/ Drinking water / GreenBlu Begins $1.6 Million U.S. Department of Energy Award to Commercialize Adsorption Desalination Technology

GreenBlu Begins $1.6 Million U.S. Department of Energy Award to Commercialize Adsorption Desalination Technology

Parul Dubey on October 2, 2018 - in Drinking water, News, Water

GreenBlu’s stand-alone module deployed with solar collectors can produce 16000 gal/day using a 5000 sq. ft. footprint. A one million gallon per day plant, enough for a town of 20,000, would require 63 containers and shade the parking lot of a standard big-box retail store.

 

HAMILTON, N.J. – GreenBlu, Inc., a water technology company commercializing a new thermal distillation technology, Vapor Adsorption Distillation with Energy Recycling (VADER), announced it is beginning its $1,600,000 award from the U.S. Department of Energy’s Solar Energy Technologies Office (SETO). The goal is to advance solar-thermal desalination technologies by reducing the cost and expanding the market for creating freshwater from unusable waters. This award will advance GreenBlu’s VADER technology, culminating with a prototype of the commercial product.
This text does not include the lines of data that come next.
Lemma system_optimum_exists {mu f0} : feasible mu f0 -> exists f, system_optimum c mu f.
Proof.
move=> hf0.
have mu0 i : 0 <= mu i.
  by rewrite -(hf0.2 i) big_seq sumr_ge0 // => p hp; exact: hf0.1.
pose B := \sum_i mu i.
have B0 : 0 <= B by rewrite sumr_ge0.
have mu_le_B i : mu i <= B by apply: ler_term_sum; rewrite ?mem_index_enum.
pose box := [set v : 'rV[R]_n | forall j, `[0, B]%classic (v ord0 j)]%classic.
pose demand := (\bigcap_(i in setT)
   [set v : 'rV[R]_n | \sum_(p <- paths i) v ord0 (rank_of i p) = mu i])%classic.
have A_compact : compact (box `&` demand)%classic.
  apply: compact_closedI; first exact: (rV_compact (fun=> @segment_compact R 0 B)).
  apply: closed_bigI => i _.
  apply: (@preimage_closed _ _ (fun v : 'rV[R]_n => \sum_(p <- paths i) v ord0 (rank_of i p))
                          [set x | x = mu i]%classic); last exact: closed_eq.
  by move=> v _; apply: continuous_sum => p; exact: coord_continuous.
have A_vec_of g : feasible mu g -> (box `&` demand)%classic (vec_of g).
  move=> [g0 g_mu]; split.
    move=> j /=; rewrite /vec_of mxE; case: (enum_val j) => i k /=.
    rewrite in_itv /=; case: ifP => hp; last by rewrite lexx B0.
    rewrite g0 //=; apply: le_trans (mu_le_B i); rewrite -(g_mu i).
    by apply: ler_term_sum => // q hq; exact: g0.
  move=> i _ /=; rewrite -(g_mu i) big_seq [RHS]big_seq.
  by apply: eq_bigr => p hp; exact: flow_of_vec_of.
have [v vA v_min] := @EVT_min_rV R n (fun v => total_cost c (flow_of v))
  (box `&` demand)%classic (ex_intro _ _ (A_vec_of _ hf0)) A_compact
  (continuous_subspaceT total_cost_vec_cont).
have hv : feasible mu (flow_of v).
  move: vA; rewrite inE => -[v_box v_mu]; split; last by move=> i; exact: v_mu.
  by move=> i p _; have /= := v_box (rank_of i p); rewrite in_itv /= => /andP[].
exists (flow_of v); split=> // g hg.
rewrite -(eq_on_paths_total_cost c (flow_of_vec_of g)).
by apply: v_min; rewrite inE; exact: A_vec_of.
Qed.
GreenBlu’s patented technique uses a nanocomposite adsorbent to improve energy efficiency, overcome the top brine limit, and enable zero-liquid-discharge (ZLD) desalination and water treatment. GreenBlu’s VADER cycle uniquely recycles latent adsorption energy and is calculated to drastically reduce electricity consumption while tripling thermal energy efficiency. GreenBlu will use VADER to lower the cost of zero-carbon desalination, ZLD wastewater treatment, and seawater mineral recovery.
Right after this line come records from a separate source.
Lemma Iint_weighted_sq_eq0 Q : Icont Q -> Iint (fun x => Q x * Q x * w a x) = 0 ->
  forall x, -1 <= x <= 1 -> Q x = 0.
Proof.
  intros HQ HI x Hx.
  assert (Hnn : forall y, -1 <= y <= 1 -> 0 <= Q y * Q y * w a y)
    by (intros y Hy; specialize (Hwpos y Hy); nra).
  assert (H0 := Iint_ge0_eq0 (fun y => Q y * Q y * w a y) ltac:(solve_Icont) Hnn HI x Hx).
  specialize (Hwpos x Hx). cbv beta in H0.
  destruct (Rmult_integral _ _ H0) as [H1|H1]; [| lra].
  destruct (Rmult_integral _ _ H1); assumption.
Qed.

Lemma monic_orthogonal_norm_neq0 k :
  Iint (fun x => x ^ k * poly_of c k a x * w a x) <> 0.
Proof.
  intros E. destruct (poly_of_monic c k a (proj1 Hc k)) as [L [HL HLe]].
  apply (monic_not_vanishing k L HL). intros x Hx. rewrite <- HLe.
  apply (Iint_weighted_sq_eq0 (poly_of c k a)); [solve_Icont | | lra].
  rewrite (Iint_ext _ (fun x => x ^ k * poly_of c k a x * w a x
                              + L x * poly_of c k a x * w a x))
    by (intros y _; rewrite HLe at 1; ring).
  rewrite Iint_plus, E by solve_Icont.
  rewrite (Iint_orth_deg_lt (poly_of c k a) (w a) k); auto; [ring | solve_Icont |].
  apply monic_orthogonal_pow.
Qed.

(* [Q := F - l phi_(k+1) - b phi_k] has degree [<= k] and, for the right [b], is
   orthogonal to [1, ..., x^k], hence to itself; positivity of the weight gives [Q = 0]. *)
Lemma monic_orthogonal_expansion k F l :
  deg_lt (S k) (fun x => F x - l * poly_of c (S k) a x) ->
  (forall i, (i < k)%nat -> Iint (fun x => x ^ i * F x * w a x) = 0) ->
  forall x, -1 <= x <= 1 ->
  F x = l * poly_of c (S k) a x
        + Iint (fun x => x ^ k * F x * w a x)
          / Iint (fun x => x ^ k * poly_of c k a x * w a x) * poly_of c k a x.
Proof.
  intros HF Horth.
  assert (Kne := monic_orthogonal_norm_neq0 k).
  set (b := Iint (fun x => x ^ k * F x * w a x)
            / Iint (fun x => x ^ k * poly_of c k a x * w a x)).
  set (Q := fun x => F x - l * poly_of c (S k) a x - b * poly_of c k a x).
  assert (HQ : deg_lt (S k) Q).
  { apply (deg_lt_ext _ (fun x => (F x - l * poly_of c (S k) a x) + (- b) * poly_of c k a x));
      [intros; unfold Q; ring |].
    apply deg_lt_plus; [exact HF | apply deg_lt_scal, deg_lt_poly_of]. }
  assert (HFc : Icont F).
  { apply (Icont_ext (fun x => (F x - l * poly_of c (S k) a x) + l * poly_of c (S k) a x));
      [intros; ring | solve_Icont]. }
  assert (HQorth : forall i, (i < S k)%nat -> Iint (fun x => x ^ i * Q x * w a x) = 0).
  { intros i Hi.
    rewrite (Iint_ext _ (fun x => (x ^ i * F x * w a x
         + (- l) * (x ^ i * poly_of c (S k) a x * w a x))
         + (- b) * (x ^ i * poly_of c k a x * w a x)))
      by (intros; unfold Q; ring).
    rewrite !Iint_plus, !Iint_scal by solve_Icont.
    rewrite (monic_orthogonal_pow (S k) i Hi).
    destruct (Nat.eq_dec i k) as [->|Hne].
    - unfold b. field. exact Kne.
    - rewrite Horth, monic_orthogonal_pow by lia. ring. }
  intros x Hx.
  assert (HQ0 : Q x = 0).
  { apply Iint_weighted_sq_eq0; [solve_Icont | | exact Hx].
    apply (Iint_orth_deg_lt Q (w a) (S k)); solve_Icont || assumption. }
  unfold Q in HQ0. lra.
Qed.

End MonicOrthogonal.

Lemma one_plus_mul_pos a x : -1 < a < 1 -> -1 <= x <= 1 -> 0 < 1 + a * x.
Proof.
  intros Ha Hx.
  assert (0 <= (1 + a) * (1 + x)) by (apply Rmult_le_pos; lra).
  destruct (Rle_lt_dec 1 x).
  - replace x with 1 by lra. lra.
  - assert (0 < (1 - a) * (1 - x)) by (apply Rmult_lt_0_compat; lra). nra.
Qed.

Lemma locally_open_interval a : -1 < a < 1 -> locally a (fun y => -1 < y < 1).
Proof.
  intros Ha. assert (Hr : 0 < Rmin (a + 1) (1 - a)) by (apply Rmin_case; lra).
  exists (mkposreal _ Hr). intros y Hy.
  unfold ball in Hy; simpl in Hy; unfold AbsRing_ball, abs, minus, plus, opp in Hy; simpl in Hy.
  apply Rabs_def2 in Hy. revert Hy. apply Rmin_case_strong; intros; lra.
Qed.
GreenBlu’s envisioned modular, grid-independent adsorption distiller can be containerized or skid-packed, goes anywhere, and scales to any size.

 

“The SETO award will allow us to build a prototype proving not only the efficacy of our new distillation method, but also that desalination can be free from drawbacks,” said Dr. Howard Yuh, CEO and co-founder of GreenBlu.

Prevailing methods of desalination are either fully electrically-powered or use both electricity and thermal energy. These methods cannot be deployed at-scale to solve global water scarcity due to cost, dependence on electrical infrastructure, carbon emissions, and brine discharge. Increased electricity demand from the rapid growth of conventional desalination will exacerbate both climate change and water-energy nexus challenges. Stakeholder interviews show that GreenBlu’s carbon-free, heat-powered, grid-independent desalination products will be welcomed in the marketplace.
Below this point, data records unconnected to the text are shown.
(* Let $\alpha\in\Delta_+$, and let $r,s,k\in\mathbb{Z}_{>0}$ and $K\in\mathbb{Z}_{\ge0}$ satisfy $r+s\ge kr+K$. Then, in $U(\mathfrak{sl}_{2,\alpha}[t])$, \[\big[e_\alpha,\ {}_kf_\alpha(r,s)\big]\in \sum_{(r',s')}U\big(t\,\mathfrak{sl}_{2,\alpha}[t]\big)\,{}_kf_\alpha(r',s')+U\big(t\,\mathfrak{sl}_{2,\alpha}[t]\big)\,t\mathfrak{b}_\alpha[t],\] where the sum runs over all pairs $r',s'\in\mathbb{Z}_{>0}$ with $r'+s'\ge kr'+K$.
   Context: $\mathfrak g=\mathfrak{sl}_{n+1}(\mathbb C)$, positive roots $\Delta_+$; for $\alpha\in\Delta_+$, $e_\alpha,f_\alpha$ are root vectors with $[e_\alpha,f_\alpha]=h_\alpha$ the coroot. $\mathfrak{sl}_{2,\alpha}=\mathbb{C}e_\alpha\oplus\mathbb{C}h_\alpha\oplus\mathbb{C}f_\alpha$, $\mathfrak{b}_\alpha=\mathbb{C}e_\alpha\oplus\mathbb{C}h_\alpha$. For a Lie algebra $\mathfrak a$, $\mathfrak a[t]=\mathfrak a\otimes\mathbb C[t]$ with bracket $[x\otimes f,y\otimes g]=[x,y]\otimes fg$, and $t\mathfrak a[t]=\mathfrak a\otimes t\mathbb C[t]$; $e_\alpha$ denotes $e_\alpha\otimes 1$. For $X$ in a Lie algebra, $X^{(b)}=X^b/b!$. For $r,s\in\mathbb{Z}_{\ge0}$ let $\mathbf{S}(r,s)=\{(b_j)_{j\ge0}: b_j\in\mathbb{Z}_{\ge0},\ \sum_j b_j=r,\ \sum_j jb_j=s\}$, and for $k\in\mathbb Z_{\ge0}$ let ${}_k\mathbf{S}(r,s)$ be the subset with $b_j=0$ for all $j<k$. For $x\in\mathfrak g$ define ${}_kx(r,s)=\sum_{(b_j)\in{}_k\mathbf{S}(r,s)}(x\otimes t^k)^{(b_k)}(x\otimes t^{k+1})^{(b_{k+1})}\cdots(x\otimes t^s)^{(b_s)}\in U(\mathfrak g[t])$ (zero if the index set is empty). *)

From HB Require Import structures.
From mathcomp Require Import all_boot all_order all_algebra all_field.
Set Implicit Arguments. Unset Strict Implicit. Unset Printing Implicit Defensive.
Import Order.TTheory GRing.Theory Num.Theory.
Local Open Scope ring_scope.

Definition divpow (A : algType algC) (X : A) (b : nat) : A :=
  (b`!%:R : algC)^-1 *: X ^+ b.

(* The index set  _k S(r,s)  : sequences (b_j)_{j>=0} with sum r, weighted sum s,
   b_j = 0 for j < k.  For j > s one necessarily has b_j = 0 (as j >= 1), and
   b_j <= r, so such sequences are exactly the finite functions below. *)
Definition kS (k r s : nat) (b : {ffun 'I_s.+1 -> 'I_r.+1}) : bool :=
  [&& (\sum_(j < s.+1) (b j : nat))%N == r,
      (\sum_(j < s.+1) (j * b j)%N)%N == s &
      [forall j : 'I_s.+1, (j < k)%N ==> ((b j : nat) == 0%N)]].

Arguments kS k r s b : clear implicits.

(* _k x(r,s), where x j stands for the image of x (x) t^j. *)
Definition kx (A : algType algC) (x : nat -> A) (k r s : nat) : A :=
  \sum_(b : {ffun 'I_s.+1 -> 'I_r.+1} | kS k r s b)
     \prod_(k <= j < s.+1) divpow (x j) (b (inord j) : nat).

(* Relations of sl_2[t] on the images e m, h m, f m of e(x)t^m, h(x)t^m, f(x)t^m:
   i.e. the linear extension is a Lie algebra map sl_2[t] -> A (A with commutator). *)
Definition sl2_current_rels (A : algType algC) (e h f : nat -> A) : Prop :=
  forall m n : nat,
  e m * f n - f n * e m = h (m + n)%N /\
  h m * e n - e n * h m = e (m + n)%N *+ 2 /\
  h m * f n - f n * h m = - (f (m + n)%N *+ 2) /\
  e m * e n = e n * e m /\
  f m * f n = f n * f m /\
  h m * h n = h n * h m.

(* Image of U(t sl_2[t]) in A: the unital subalgebra generated by x(x)t^m, m >= 1. *)
Inductive Uplus (A : algType algC) (e h f : nat -> A) : A -> Prop :=
| Uplus1 : Uplus e h f 1
| Uplus_e m : (0 < m)%N -> Uplus e h f (e m)
| Uplus_h m : (0 < m)%N -> Uplus e h f (h m)
| Uplus_f m : (0 < m)%N -> Uplus e h f (f m)
| Uplus_add u v : Uplus e h f u -> Uplus e h f v -> Uplus e h f (u + v)
| Uplus_scale (c : algC) u : Uplus e h f u -> Uplus e h f (c *: u)
| Uplus_mul u v : Uplus e h f u -> Uplus e h f v -> Uplus e h f (u * v).

(* The subspace  sum_{(r',s')} U(t sl2[t]) _kf(r',s') + U(t sl2[t]) t b[t],
   (r',s' > 0, r'+s' >= k r' + K), with t b[t] spanned by e(x)t^m, h(x)t^m, m >= 1. *)
Inductive target (A : algType algC) (e h f : nat -> A) (k K : nat) : A -> Prop :=
| target0 : target e h f k K 0
| target_add x y : target e h f k K x -> target e h f k K y -> target e h f k K (x + y)
| target_scale (c : algC) x : target e h f k K x -> target e h f k K (c *: x)
| target_kf u r' s' : Uplus e h f u -> (0 < r')%N -> (0 < s')%N ->
    (k * r' + K <= r' + s')%N -> target e h f k K (u * kx f k r' s')
| target_e u m : Uplus e h f u -> (0 < m)%N -> target e h f k K (u * e m)
| target_h u m : Uplus e h f u -> (0 < m)%N -> target e h f k K (u * h m).

From HB Require Import structures.
From mathcomp Require Import all_boot all_order all_algebra all_field.
From mathcomp Require Import zify.
Set Implicit Arguments.
Unset Strict Implicit.
Import GRing.Theory.
Local Open Scope ring_scope.

(* As the [f j] commute, [r`! *: kx f k r s] is the sum [kf_ord r s] of the products
   [f j_1 * ... * f j_r] over the ordered compositions [s = j_1 + ... + j_r] with all
   [j_i >= k], which satisfies [kf_ord r.+1 s = \sum_(j >= k) f j * kf_ord r (s - j)].
   Commuting [e 0] through this recursion with [[e 0, f j] = h j] and
   [[h j, f l] = - 2 f (j + l)] gives
     [[e 0, kf_ord r s] = r \sum_j kf_ord r.-1 (s - j) * h j
                           - r (r - 1) \sum_(j, l >= k) f (j + l) * kf_ord r.-2 (s - j - l)].
   The first sum lies in [U(t sl2[t]) t b[t]]. Collecting the second by [m = j + l] and
   using the Euler identity [s kf_ord r.+1 s = r.+1 \sum_m m f m * kf_ord r (s - m)]
   leaves a multiple of [kf_ord r.-1 s] plus terms [f m * kf_ord r.-2 (s - m)] with
   [m <= k.*2 - 2]; since [k > 0] both satisfy the degree bound. *)

Section TriangularSums.
Variables (V : nmodType) (k : nat).

Lemma big_triangle_square s (F : nat -> nat -> V) :
  \sum_(j < s.+1 | (k <= j)%N) \sum_(l < (s - j).+1 | (k <= l)%N) F j l =
  \sum_(j < s.+1) \sum_(l < s.+1)
     (if [&& (k <= j)%N, (k <= l)%N & (j + l <= s)%N] then F j l else 0).
Proof.
rewrite big_mkcond; apply: eq_bigr => j _.
have js := ltn_ord j.
case: ifP => kj /=; last by rewrite big1.
rewrite (@big_ord_widen_cond _ _ _ _ s.+1); last lia.
rewrite big_mkcond; apply: eq_bigr => l _.
by have -> : ((k <= l) && (l < (s - j).+1))%N = ((k <= l) && (j + l <= s))%N by lia.
Qed.

Lemma exchange_big_triangle s (F : nat -> nat -> V) :
  \sum_(j < s.+1 | (k <= j)%N) \sum_(l < (s - j).+1 | (k <= l)%N) F j l =
  \sum_(l < s.+1 | (k <= l)%N) \sum_(j < (s - l).+1 | (k <= j)%N) F j l.
Proof.
rewrite big_triangle_square (big_triangle_square s (fun l j => F j l)) exchange_big.
by apply: eq_bigr => l _; apply: eq_bigr => j _; rewrite addnC andbCA.
Qed.

Lemma big_shift_geq n a (G : nat -> V) :
  \sum_(l < n | (k <= l)%N) G (a + l)%N = \sum_(m < a + n | (a + k <= m)%N) G m.
Proof.
elim: n => [|n IH].
  by rewrite big_ord0 addn0 big1 // => m; have := ltn_ord m; lia.
rewrite big_mkcond big_ord_recr /= -big_mkcond IH addnS.
by rewrite [RHS]big_mkcond big_ord_recr /= -big_mkcond leq_add2l.
Qed.

Lemma sumr_const_window n m (x : V) :
  \sum_(j < n | (k <= j)%N && (j + k <= m)%N) x = x *+ (minn n (m.+1 - k) - k).
Proof.
elim: n => [|n IH]; first by rewrite big_ord0 min0n sub0n mulr0n.
rewrite big_mkcond big_ord_recr /= -big_mkcond IH.
by case: ifP => H; [rewrite -mulrSr | rewrite addr0]; congr (_ *+ _); lia.
Qed.

(* [m.+1 - k.*2] (truncated) is the number of pairs [j, l >= k] with [j + l = m]. *)
Lemma big_triangle_antidiagonal s (G : nat -> V) :
  \sum_(j < s.+1 | (k <= j)%N) \sum_(l < (s - j).+1 | (k <= l)%N) G (j + l)%N =
  \sum_(m < s.+1) G m *+ (m.+1 - k.*2).
Proof.
rewrite (eq_bigr (fun j : 'I_s.+1 => \sum_(m < s.+1 | (j + k <= m)%N) G m)); last first.
  move=> j _; rewrite big_shift_geq.
  by rewrite (_ : (j + (s - j).+1 = s.+1)%N) //; have := ltn_ord j; lia.
rewrite (exchange_big_dep predT) //=; apply: eq_bigr => m _.
rewrite (eq_bigl (fun j : 'I_s.+1 => (k <= j)%N && (j + k <= m)%N)); last first.
  by move=> j /=; rewrite (addnC j).
by rewrite sumr_const_window; congr (_ *+ _); have := ltn_ord m; lia.
Qed.

End TriangularSums.

Lemma sum_nat_update N (j : 'I_N) (g g' : 'I_N -> nat) :
  (forall i, i != j -> g' i = g i) -> (\sum_i g' i + g j = \sum_i g i + g' j)%N.
Proof.
move=> gg'; rewrite (bigD1 j) //= [(\sum_i g i)%N](bigD1 j) //=.
rewrite (eq_bigr g) => [|i /gg' //]; lia.
Qed.

Lemma commutatorMr (R : pzRingType) (a b c : R) :
  a * (b * c) - (b * c) * a = (a * b - b * a) * c + b * (a * c - c * a).
Proof. by rewrite mulrBl mulrBr !mulrA addrA subrK. Qed.

Lemma big_rem_commr (R : pzRingType) (I : eqType) (r : seq I) (F : I -> R) j :
  uniq r -> j \in r -> (forall a b, GRing.comm (F a) (F b)) ->
  \prod_(i <- r) F i = F j * \prod_(i <- r | i != j) F i.
Proof.
elim: r => // x r IH /= /andP[xr ur]; rewrite inE => /orP[/eqP ->|jr] FC.
  rewrite !big_cons eqxx /=; congr (_ * _).
  rewrite big_seq [RHS]big_seq_cond; apply: eq_bigl => i.
  by case: (boolP (i \in r)) => //= ir; apply/esym/eqP => xi; rewrite -xi ir in xr.
have xj : x != j by apply/eqP => xj; rewrite xj jr in xr.
by rewrite !big_cons xj (IH ur jr FC) !mulrA FC.
Qed.

Section DividedPowers.
Variable A : algType algC.

Lemma divpow0 (x : A) : divpow x 0 = 1.
Proof. by rewrite /divpow fact0 invr1 expr0 scale1r. Qed.

Lemma mulr_divpowS (x : A) n : x * divpow x n = n.+1%:R *: divpow x n.+1.
Proof.
rewrite /divpow -scalerAr -exprS scalerA; congr (_ *: _).
by rewrite factS natrM invfM mulrA mulfV ?mul1r // Num.Theory.pnatr_eq0.
Qed.

Lemma commr_divpow (x y : A) m n :
  GRing.comm x y -> GRing.comm (divpow x m) (divpow y n).
Proof.
move=> cxy; rewrite /GRing.comm /divpow -!scalerAl -!scalerAr !scalerA mulrC.
by congr (_ *: _); apply/commrX/commr_sym/commrX/commr_sym.
Qed.

End DividedPowers.

Section OrderedProducts.
Variables (A : algType algC) (f : nat -> A) (k : nat).
Hypothesis f_comm : forall m n, GRing.comm (f m) (f n).

Fixpoint kf_ord (r s : nat) : A :=
  if r is r'.+1 then \sum_(j < s.+1 | (k <= j)%N) f j * kf_ord r' (s - j)
  else (s == 0)%:R.

Definition kf_pairs (r s : nat) : A :=
  \sum_(j < s.+1 | (k <= j)%N) \sum_(l < (s - j).+1 | (k <= l)%N)
     f (j + l) * kf_ord r (s - j - l).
Applications of GreenBlu’s adsorption technology includes:  1) a distributed desalination network, 2) boosting output from current facilities, and 3) providing sustainable magnesium. GreenBlu’s modular product will be packaged in shipping containers and provide low-cost, zero-discharge desalination with the capability of recovering magnesium chloride and sodium chloride salts from both seawater and waste brine.

SETO has selected 14 projects in its Solar Desalination program to reduce the cost of solar-thermal desalination. Electricity costs account for up to half of the operating expenses and require plants to be grid-connected. Using solar-thermal power and low-cost components for integrated designs can enable smaller, more portable systems and expand access to desalination technologies.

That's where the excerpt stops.